In this column, I will present an example of analysis using the Frovedis machine learning algorithm.

 In machine learning algorithms, supervised learning can be categorized into two types: regression and classification. In this article, we will take the latter, classification, as an example and run a sample using the Frovedis learning algorithm. We will also compare the time required for learning between the Frovedis version and the scikit-learn version.

 Classifiers are applied to datasets with discrete output y for many input variables. For example, the Credit Card Fraud Detection dataset used in this study has 29 different features with binary output y, such as Not Fraud and Fraud. We will use this data set to make a two-class decision using a machine learning algorithm.

 Typical machine learning algorithms for classifications include logistic regression, linear support vector machines, random forests as an ensemble method of classification trees and classification trees, and gradient boosting classification trees. In this column, we will focus on two-class classification using classification trees and gradient boosting classification trees.
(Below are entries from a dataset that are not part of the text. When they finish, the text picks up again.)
Section PartialSpreadCone.
Variables (F : finFieldType) (V : vectType F) (j : nat) (S : 'I_j -> {vspace V}).
Hypothesis capS : forall i k, i != k -> (S i :&: S k = 0)%VS.

Local Notation P := (V * ('rV[F]_j * 'rV[F]_j))%type.

Definition unit_line (i : 'I_j) : {vspace 'rV[F]_j} := <[delta_mx 0%R i]>%VS.

Lemma dim_unit_line i : \dim (unit_line i) = 1%N.
Proof.
have : delta_mx 0 i != 0 :> 'rV[F]_j.
  by apply/eqP => /matrixP/(_ 0 i)/eqP; rewrite !mxE !eqxx oner_eq0.
by rewrite dim_vline => ->.
Qed.

Lemma unit_line_cap i k : i != k -> (unit_line i :&: unit_line k = 0)%VS.
Proof.
move=> neq_ik; apply/eqP; rewrite -subv0; apply/subvP => _ /memv_capP[/vlineP[a ->]].
case/vlineP => b /matrixP/(_ 0 i)/eqP; rewrite !mxE !eqxx (negPf neq_ik) mulr1 mulr0.
by move=> /eqP->; rewrite scale0r mem0v.
Qed.

Definition cone_W : {vspace P} := pairv fullv (pairv 0 0).
Definition cone_T i : {vspace P} := pairv (S i) (pairv (unit_line i) 0).
Definition cone_T' i : {vspace P} := pairv (S i) (pairv 0 (unit_line i)).
Definition cone_U i : {vspace P} := pairv (S i) (pairv (unit_line i) (unit_line i)).

Lemma cone_TU i : (cone_T i <= cone_U i)%VS.
Proof. by rewrite !pairvS ?sub0v. Qed.

Lemma cone_T'U i : (cone_T' i <= cone_U i)%VS.
Proof. by rewrite !pairvS ?sub0v. Qed.

Lemma cone_UW i : (cone_U i :&: cone_W <= cone_T i :&: cone_T' i)%VS.
Proof. by rewrite !pairv_cap capvf capvv !capv0 !cap0v !pairvS. Qed.

Lemma cone_TT' i : (cone_T i :&: cone_T' i <= cone_W)%VS.
Proof. by rewrite !pairv_cap capv0 cap0v !pairvS ?subvf. Qed.

Lemma cone_UU i k : i != k -> (cone_U i :&: cone_U k = 0)%VS.
Proof. by move=> neq_ik; rewrite !pairv_cap capS ?unit_line_cap // !pairv0. Qed.

Variable r : nat.
Hypothesis r_gt0 : (0 < r)%N.
Hypothesis dimV : \dim {:V} = (r + r)%N.
Hypothesis dimS : forall i, \dim (S i) = r.

Theorem partial_spread_cone :
  exists v (C : seq {vspace 'rV[F]_v}),
    [/\ point_set C, divisible_set (#|F| ^ r) C
      & ((#|F| - 1) * size C + j * (2 * #|F| ^ r.+1) + 1
         = #|F| ^ (r + r) + j * #|F| ^ r.+2 + j)%N].
Proof.
pose W := coord_img cone_W; pose T i := coord_img (cone_T i).
pose T' i := coord_img (cone_T' i); pose U i := coord_img (cone_U i).
have subTU i : (T i <= U i)%VS by apply/coord_imgS/cone_TU.
have subT'U i : (T' i <= U i)%VS by apply/coord_imgS/cone_T'U.
have capUW i : (U i :&: W <= T i :&: T' i)%VS.
  by rewrite -!coord_img_cap; apply/coord_imgS/cone_UW.
have capTT' i : (T i :&: T' i <= W)%VS.
  by rewrite -!coord_img_cap; apply/coord_imgS/cone_TT'.
have capUU i k : i != k -> (U i :&: U k = 0)%VS.
  by move=> neq_ik; rewrite -coord_img_cap cone_UU ?coord_img0.
have dimW : \dim W = (r + r)%N.
  by rewrite dim_coord_img !dim_pairv dimv0 !addn0 dimV.
have dimT i : \dim (T i) = r.+1.
  by rewrite dim_coord_img !dim_pairv dimS dim_unit_line dimv0 addn0 addn1.
have dimT' i : \dim (T' i) = r.+1.
  by rewrite dim_coord_img !dim_pairv dimS dim_unit_line dimv0 add0n addn1.
have dimU i : \dim (U i) = r.+2.
  by rewrite dim_coord_img !dim_pairv dimS dim_unit_line addn2.
exists (\dim {:P}), (lines (cone_set W T T' U)); split.
- exact: point_set_lines (cone_set0 _ _ _ _).
- by apply: (divisible_lines_cone_set subTU subT'U capUW capTT' capUU r_gt0).
- by apply: (size_lines_cone_set subTU subT'U capUW capTT' capUU).
Qed.

End PartialSpreadCone.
 Gradient boosting decision trees can be used for class classification. scikit-learn version of gradient boosting decision trees does not perform parallel processing, but Frovedis version processes each decision tree creation in parallel, so it is expected to reduce training time compared to scikit-learn on very large datasets. The Frovedis version is expected to reduce training time compared to scikit-learn on very large datasets.


In these samples using the Credit Card Fraud Detection dataset, we first show the classification tree using the Frovedis and scikit-learn versions, and then the analysis using the gradient boosting classification tree. Finally, the classification results are graphed using PCA feature reduction. The comparison of training time between Frovedis and scikit-learn learning algorithms is shown in the table below.

Learning algorithms Frovedis (sec) scikit-learn (sec) Ratio
Classification Trees 0.26 7.81 x30.0
Gradient boosting 16.84 1398.77 x83.1

The optimization and cross-validation of large data sets by iteratively training with varying machine learning parameters can be time consuming in many cases. In cases where data with new characteristics are frequently added, time-consuming re-training is repeated.
By using Frovedis' parallelized algorithms on SX-Aurora TSUBASA, high performance training models can be prepared frequently and quickly, reducing the cost of system development and maintenance.